* _Your instructions_
Comb the records below for the string "Hconst" and copy each line where it turns up.

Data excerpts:

BEGIN

Lemma RInt_between f a b lo hi : a <= b -> ex_RInt f a b ->
  (forall x, a < x < b -> lo <= f x <= hi) -> lo * (b - a) <= RInt f a b <= hi * (b - a).
Proof.
  intros Hab Hex Hf.
  assert (Hconst : forall c, RInt (fun _ => c) a b = c * (b - a)).
  { intros c. rewrite RInt_const. unfold scal; simpl; unfold mult; simpl. ring. }
  rewrite <- !Hconst. split; apply RInt_le; auto using ex_RInt_const; apply Hf.
Qed.

Lemma continuity_pt_limit1_in f D x : continuity_pt f x -> limit1_in f D (f x) x.
Proof.
  intros Hf eps Heps. destruct (Hf eps Heps) as [alp [Halp H]].
  exists alp. split; [exact Halp|]. intros y [_ Hy].
  destruct (Req_dec y x) as [->|Hyx].
  - simpl. unfold R_dist. rewrite Rminus_diag, Rabs_R0. exact Heps.
  - apply H. split; [split; [exact I | auto] | exact Hy].
Qed.

Section CantorFunction.
Variable F : R -> R.
Hypothesis HF : is_cantor_cdf F.

Lemma F_mono x y : x <= y -> F x <= F y. Proof. apply HF. Qed.
Lemma F_nonpos x : x <= 0 -> F x = 0. Proof. apply HF. Qed.
Lemma F_ge_1 x : 1 <= x -> F x = 1. Proof. apply HF. Qed.
Lemma F_left_third x : 0 <= x <= 1/3 -> F x = F (3 * x) / 2. Proof. apply HF. Qed.
Lemma F_middle_third x : 1/3 <= x <= 2/3 -> F x = 1/2. Proof. apply HF. Qed.
Lemma F_right_third x : 2/3 <= x <= 1 -> F x = 1/2 + F (3 * x - 2) / 2. Proof. apply HF. Qed.

Lemma F_bounds x : 0 <= F x <= 1.
Proof.
  rewrite <- (F_nonpos (Rmin x 0)), <- (F_ge_1 (Rmax x 1)) by
    (apply Rmin_r || apply Rmax_r).
  split; apply F_mono; [apply Rmin_l | apply Rmax_l].
Qed.

Lemma F_increment_le n x y : x <= y <= x + (/3) ^ n -> F y - F x <= (/2) ^ n.
Proof.
  revert x y. induction n as [|n IH]; intros x y Hxy; simpl in *.
  - pose proof (F_bounds x); pose proof (F_bounds y); lra.
  - pose proof (pow_inv_bounds 3 n ltac:(lra)). pose proof (pow_inv_bounds 2 n ltac:(lra)).
    set (e := (/3) ^ n) in *. set (h := (/2) ^ n) in *.
    destruct (Rle_dec x 0) as [Hx0|Hx0].
    { rewrite (F_nonpos x) by lra. destruct (Rle_dec y 0).
      - rewrite (F_nonpos y) by lra. lra.
      - rewrite (F_left_third y) by lra. pose proof (IH 0 (3 * y)) as I.
        rewrite (F_nonpos 0) in I by lra. lra. }
    destruct (Rle_dec 1 y) as [Hy1|Hy1].
    { rewrite (F_ge_1 y) by lra. destruct (Rle_dec 1 x).
      - rewrite (F_ge_1 x) by lra. lra.
      - rewrite (F_right_third x) by lra. pose proof (IH (3 * x - 2) 1) as I.
        rewrite (F_ge_1 1) in I by lra. lra. }
    destruct (Rle_dec y (1/3)).
    { rewrite (F_left_third x), (F_left_third y) by lra. pose proof (IH (3 * x) (3 * y)). lra. }
    destruct (Rle_dec (2/3) x).
    { rewrite (F_right_third x), (F_right_third y) by lra.
      pose proof (IH (3 * x - 2) (3 * y - 2)). lra. }
    destruct (Rle_dec (1/3) x), (Rle_dec y (2/3)).
    + rewrite (F_middle_third x), (F_middle_third y) by lra. lra.
    + rewrite (F_middle_third x), (F_right_third y) by lra. pose proof (IH 0 (3 * y - 2)) as I.
      rewrite (F_nonpos 0) in I by lra. lra.
    + rewrite (F_left_third x), (F_middle_third y) by lra. pose proof (IH (3 * x) 1) as I.
      rewrite (F_ge_1 1) in I by lra. lra.
    + lra.
Qed.

Lemma F_continuous x : continuous F x.
Proof.
  apply continuity_pt_filterlim. intros eps Heps.
  destruct (pow_eventually_lt (/2) eps ltac:(lra) Heps) as [N HN].
  specialize (HN N (le_n N)).
  exists ((/3) ^ N). split; [apply pow_inv_bounds; lra|].
  intros y [_ Hy]. simpl in *. unfold R_dist in *.
  destruct (Rle_dec x y).
  - pose proof (F_mono x y ltac:(lra)). pose proof (F_increment_le N x y).
    rewrite Rabs_pos_eq in Hy |- *; lra.
  - pose proof (F_mono y x ltac:(lra)). pose proof (F_increment_le N y x).
    rewrite Rabs_left1 in Hy |- *; lra.
Qed.

Lemma F_one_minus_pow n : F (1 - (/3) ^ n) = 1 - (/2) ^ n.
Proof.
  induction n as [|n IH]; simpl.
  - rewrite F_nonpos; lra.
  - pose proof (pow_inv_bounds 3 n ltac:(lra)).
    rewrite F_right_third by lra.
    replace (3 * (1 - / 3 * (/ 3) ^ n) - 2) with (1 - (/ 3) ^ n) by field.
    rewrite IH. field.
Qed.

Lemma F_lt_1 x : x < 1 -> F x < 1.
Proof.
  intros Hx. destruct (pow_eventually_lt (/3) (1 - x) ltac:(lra) ltac:(lra)) as [N HN].
  specialize (HN N (le_n N)).
  pose proof (F_mono x (1 - (/3) ^ N) ltac:(lra)). rewrite F_one_minus_pow in H.
  pose proof (pow_inv_bounds 2 N ltac:(lra)). lra.
Qed.

Lemma F_triadic_increment n x : cantor_level n x ->
  exists a, 0 <= a /\ a + (/3) ^ n <= 1 /\ a <= x <= a + (/3) ^ n /\
    F (a + (/3) ^ n) - F a = (/2) ^ n.
Proof.
  revert x. induction n as [|n IH]; intros x Hx; simpl in *.
  - exists 0. rewrite Rplus_0_l, F_ge_1, F_nonpos; lra.
  - pose proof (pow_inv_bounds 3 n ltac:(lra)).
    set (e := (/3) ^ n) in *.
    destruct Hx as [Hx|Hx]; destruct (IH _ Hx) as [a (Ha0 & Ha1 & Hax & Hinc)].
    + exists (a / 3). rewrite (F_left_third (a / 3)), (F_left_third (a / 3 + / 3 * e)) by lra.
      replace (3 * (a / 3)) with a by field. replace (3 * (a / 3 + / 3 * e)) with (a + e) by field.
      lra.
    + exists ((a + 2) / 3).
      rewrite (F_right_third ((a + 2) / 3)), (F_right_third ((a + 2) / 3 + / 3 * e)) by lra.
      replace (3 * ((a + 2) / 3) - 2) with a by field.
      replace (3 * ((a + 2) / 3 + / 3 * e) - 2) with (a + e) by field.
      lra.
Qed.

Lemma F_flat_off_level n x : 0 <= x <= 1 -> ~ cantor_level n x ->
  exists p q, 0 <= p < x /\ x < q <= 1 /\ forall y, p <= y <= q -> F y = F x.
Proof.
  revert x. induction n as [|n IH]; intros x Hx Hn; simpl in *; [tauto|].
  destruct (Rle_dec x (1/3)).
  - destruct (IH (3 * x)) as [p [q (Hp & Hq & Hflat)]]; [lra | tauto |].
    exists (p / 3), (q / 3). split; [lra | split; [lra|]].
    intros y Hy. rewrite (F_left_third y), (F_left_third x), (Hflat (3 * y)) by lra. reflexivity.
  - destruct (Rle_dec (2/3) x).
    + destruct (IH (3 * x - 2)) as [p [q (Hp & Hq & Hflat)]]; [lra | tauto |].
      exists ((p + 2) / 3), ((q + 2) / 3). split; [lra | split; [lra|]].
      intros y Hy. rewrite (F_right_third y), (F_right_third x), (Hflat (3 * y - 2)) by lra.
      reflexivity.
    + exists (1/3), (2/3). split; [lra | split; [lra|]].
      intros y Hy. rewrite (F_middle_third y), (F_middle_third x) by lra. reflexivity.
Qed.

End CantorFunction.

Lemma cantor_cdf_dist_le F G : is_cantor_cdf F -> is_cantor_cdf G ->
  forall n x, Rabs (G x - F x) <= (/2) ^ n.
Proof.
  intros HF HG n. induction n as [|n IH]; intros x; simpl.
  - pose proof (F_bounds F HF x). pose proof (F_bounds G HG x). apply Rabs_le. lra.
  - pose proof (pow_inv_bounds 2 n ltac:(lra)).
    destruct (Rle_dec x 0).
    { rewrite (F_nonpos F HF x), (F_nonpos G HG x), Rminus_diag, Rabs_R0 by lra. lra. }
    destruct (Rle_dec 1 x).
    { rewrite (F_ge_1 F HF x), (F_ge_1 G HG x), Rminus_diag, Rabs_R0 by lra. lra. }
    destruct (Rle_dec x (1/3)).
    { rewrite (F_left_third F HF x), (F_left_third G HG x) by lra.
      replace (G (3 * x) / 2 - F (3 * x) / 2) with (/2 * (G (3 * x) - F (3 * x))) by field.
      rewrite Rabs_mult, Rabs_pos_eq by lra. specialize (IH (3 * x)). lra. }
    destruct (Rle_dec (2/3) x).
    { rewrite (F_right_third F HF x), (F_right_third G HG x) by lra.
      replace (1/2 + G (3 * x - 2) / 2 - (1/2 + F (3 * x - 2) / 2))
        with (/2 * (G (3 * x - 2) - F (3 * x - 2))) by field.
      rewrite Rabs_mult, Rabs_pos_eq by lra. specialize (IH (3 * x - 2)). lra. }
    rewrite (F_middle_third F HF x), (F_middle_third G HG x), Rminus_diag, Rabs_R0 by lra. lra.
Qed.

Lemma cantor_cdf_unique F G : is_cantor_cdf F -> is_cantor_cdf G -> forall x, G x = F x.
Proof.
  intros HF HG x. destruct (Req_dec (G x) (F x)) as [|Hne]; [assumption|].
  assert (Hpos : 0 < Rabs (G x - F x)) by (apply Rabs_pos_lt; lra).
  destruct (pow_eventually_lt (/2) _ ltac:(lra) Hpos) as [N HN].
  specialize (HN N (le_n N)). pose proof (cantor_cdf_dist_le F G HF HG N x). lra.
Qed.

Lemma F_reflect F : is_cantor_cdf F -> forall x, F (1 - x) = 1 - F x.
Proof.
  intros HF x.
  assert (HG : is_cantor_cdf (fun x => 1 - F (1 - x))).
  { repeat split.
    - intros u v Huv. pose proof (F_mono F HF (1 - v) (1 - u)). lra.
    - intros u Hu. rewrite (F_ge_1 F HF); lra.
    - intros u Hu. rewrite (F_nonpos F HF); lra.
    - intros u Hu. rewrite (F_right_third F HF) by lra.
      replace (3 * (1 - u) - 2) with (1 - 3 * u) by ring. lra.
    - intros u Hu. rewrite (F_middle_third F HF); lra.
    - intros u Hu. rewrite (F_left_third F HF) by lra.
      replace (3 * (1 - u)) with (1 - (3 * u - 2)) by ring. lra. }
  pose proof (cantor_cdf_unique F _ HF HG x). lra.
Qed.

Section MeanResidualLife.
Variable F : R -> R.
Hypothesis HF : is_cantor_cdf F.

Definition Fbar u := 1 - F u.

Lemma Fbar_pos x : x < 1 -> 0 < Fbar x.
Proof. intros Hx. pose proof (F_lt_1 F HF x Hx). unfold Fbar. lra. Qed.

Lemma Fbar_continuous x : continuous Fbar x.
Proof.
  apply (continuous_minus (fun _ => 1)); [apply continuous_const | apply (F_continuous F HF)].
Qed.

Lemma ex_RInt_F a b : ex_RInt F a b.
Proof.
  apply (@ex_RInt_continuous R_CompleteNormedModule). intros z _. apply (F_continuous F HF).
Qed.

Lemma ex_RInt_Fbar a b : ex_RInt Fbar a b.
Proof. apply (@ex_RInt_continuous R_CompleteNormedModule). intros z _. apply Fbar_continuous. Qed.

Lemma RInt_Fbar_Chasles a b c : RInt Fbar a b + RInt Fbar b c = RInt Fbar a c.
Proof. apply (RInt_Chasles Fbar); apply ex_RInt_Fbar. Qed.

Lemma RInt_Fbar_bounds a b : a <= b ->
  Fbar b * (b - a) <= RInt Fbar a b <= Fbar a * (b - a).
Proof.
  intros Hab. apply RInt_between; [exact Hab | apply ex_RInt_Fbar |].
  intros x Hx. unfold Fbar. pose proof (F_mono F HF a x); pose proof (F_mono F HF x b). lra.
Qed.

Lemma RInt_Fbar_nonneg_le a b : a <= b -> 0 <= RInt Fbar a b <= b - a.
Proof.
  intros Hab. pose proof (RInt_Fbar_bounds a b Hab).
  pose proof (F_bounds F HF a); pose proof (F_bounds F HF b). unfold Fbar in *. nra.
Qed.

Lemma RInt_Fbar_reflect a b : RInt Fbar a b = RInt F (1 - b) (1 - a).
Proof.
  rewrite <- (opp_RInt_swap F) by apply ex_RInt_F.
  replace (1 - a) with (-1 * a + 1) by ring. replace (1 - b) with (-1 * b + 1) by ring.
  rewrite <- (RInt_comp_lin F) by apply ex_RInt_F.
  rewrite <- (RInt_opp (fun y => scal (-1) (F (-1 * y + 1)))).
  2:{ apply (ex_RInt_comp_lin F (-1) 1 a b), ex_RInt_F. }
  apply RInt_ext. intros x _. unfold Fbar, scal, opp; simpl; unfold mult; simpl.
  replace (-1 * x + 1) with (1 - x) by ring. rewrite (F_reflect F HF). ring.
Qed.

Lemma RInt_Fbar_0_1 : RInt Fbar 0 1 = 1/2.
Proof.
  assert (Hsum : RInt Fbar 0 1 + RInt F 0 1 = 1).
  { rewrite <- (RInt_plus Fbar F) by (apply ex_RInt_Fbar || apply ex_RInt_F).
    rewrite (RInt_ext _ (fun _ => 1)) by (intros; unfold Fbar, plus; simpl; ring).
    rewrite RInt_const. unfold scal; simpl; unfold mult; simpl. ring. }
  rewrite RInt_Fbar_reflect in Hsum |- *. rewrite !Rminus_0_r, Rminus_diag in *. lra.
Qed.

Lemma RInt_Fbar_middle a b : 1/3 <= a <= b -> b <= 2/3 -> RInt Fbar a b = (b - a) / 2.
Proof.
  intros Ha Hb. pose proof (RInt_Fbar_bounds a b ltac:(lra)).
  unfold Fbar in *. rewrite (F_middle_third F HF a), (F_middle_third F HF b) in * by lra. lra.
Qed.

(* On the right third [Fbar x = Fbar (3 x - 2) / 2], so the substitution [u = 3 x - 2]
   scales the integral by [1/6]. *)
Lemma RInt_Fbar_right_third : RInt Fbar (2/3) 1 = 1/12.
Proof.
  pose proof (RInt_comp_lin Fbar 3 (-2) (2/3) 1 (ex_RInt_Fbar _ _)) as Hsub.
  replace (3 * (2/3) + -2) with 0 in Hsub by field.
  replace (3 * 1 + -2) with 1 in Hsub by ring.
  rewrite RInt_Fbar_0_1 in Hsub.
  rewrite (RInt_ext _ (fun y => 6 * Fbar y)) in Hsub.
  2:{ intros x Hx. rewrite Rmin_left, Rmax_right in Hx by lra.
      unfold scal, Fbar; simpl; unfold mult; simpl.
      rewrite (F_right_third F HF x) by lra. replace (3 * x + -2) with (3 * x - 2) by ring. field. }
  rewrite (RInt_scal Fbar) in Hsub by apply ex_RInt_Fbar.
  unfold scal in Hsub; simpl in Hsub; unfold mult in Hsub; simpl in Hsub. lra.
Qed.

Lemma RInt_Fbar_upper_two_thirds : RInt Fbar (1/3) 1 = 1/4.
Proof.
  rewrite <- (RInt_Fbar_Chasles (1/3) (2/3) 1), RInt_Fbar_right_third, RInt_Fbar_middle; lra.
Qed.

Lemma mrl_ratio x : x < 1 -> mrl F x = RInt Fbar x 1 / Fbar x.
Proof.
  intros Hx. unfold mrl. destruct (Rlt_dec x 1) as [_|]; [|lra].
  rewrite (total_RInt_eq Fbar) by apply ex_RInt_Fbar. unfold Rdiv, Fbar. ring.
Qed.

Lemma mrl_mul_Fbar x : x < 1 -> mrl F x * Fbar x = RInt Fbar x 1.
Proof.
  intros Hx. rewrite mrl_ratio by exact Hx. pose proof (Fbar_pos x Hx). field. lra.
Qed.

Lemma mrl_ge_1 x : 1 <= x -> mrl F x = 0.
Proof. intros Hx. unfold mrl. destruct (Rlt_dec x 1); [lra | reflexivity]. Qed.

Lemma mrl_bounds x : x < 1 -> 0 <= mrl F x <= 1 - x.
Proof.
  intros Hx. pose proof (mrl_mul_Fbar x Hx). pose proof (Fbar_pos x Hx).
  pose proof (RInt_Fbar_bounds x 1 ltac:(lra)). pose proof (F_bounds F HF 1).
  unfold Fbar in *. split; nra.
Qed.

Lemma mrl_nonneg x : 0 <= mrl F x.
Proof.
  destruct (Rlt_dec x 1).
  - apply mrl_bounds; assumption.
  - rewrite mrl_ge_1; lra.
Qed.

Lemma RInt_Fbar_tail_continuous x : continuous (fun y => RInt Fbar y 1) x.
Proof.
  apply (@ex_derive_continuous R_AbsRing R_NormedModule). exists (opp (Fbar x)).
  apply (is_derive_RInt' (V := R_CompleteNormedModule) Fbar _ x 1); [|apply Fbar_continuous].
  apply filter_forall. intros y. apply RInt_correct, ex_RInt_Fbar.
Qed.

(* At [1], continuity comes from the squeeze [0 <= mrl F y <= 1 - y]. *)
Lemma mrl_continuous x : x <= 1 -> continuity_pt (mrl F) x.
Proof.
  intros Hx. destruct (Req_dec x 1) as [->|Hx1].
  - intros eps Heps. exists eps. split; [exact Heps|].
    intros y [_ Hy]. simpl in *. unfold R_dist in *.
    rewrite (mrl_ge_1 1), Rminus_0_r by lra.
    destruct (Rlt_dec y 1).
    + pose proof (mrl_bounds y r). rewrite Rabs_left1 in Hy by lra.
      rewrite Rabs_pos_eq; lra.
    + rewrite mrl_ge_1, Rabs_R0; lra.
  - apply continuity_pt_filterlim. change (continuous (mrl F) x).
    apply continuous_ext_loc with (fun y => RInt Fbar y 1 * / Fbar y).
    + apply (filter_imp (fun y => y < 1)); [|apply open_lt; lra].
      intros y Hy. rewrite mrl_ratio by exact Hy. reflexivity.
    + apply (continuous_mult (fun y => RInt Fbar y 1)); [apply RInt_Fbar_tail_continuous|].
      apply continuous_Rinv_comp; [apply Fbar_continuous|].
      pose proof (Fbar_pos x ltac:(lra)). lra.
Qed.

END

* _Answer to this problem_
  assert (Hconst : forall c, RInt (fun _ => c) a b = c * (b - a)).
  rewrite <- !Hconst. split; apply RInt_le; auto using ex_RInt_const; apply Hf.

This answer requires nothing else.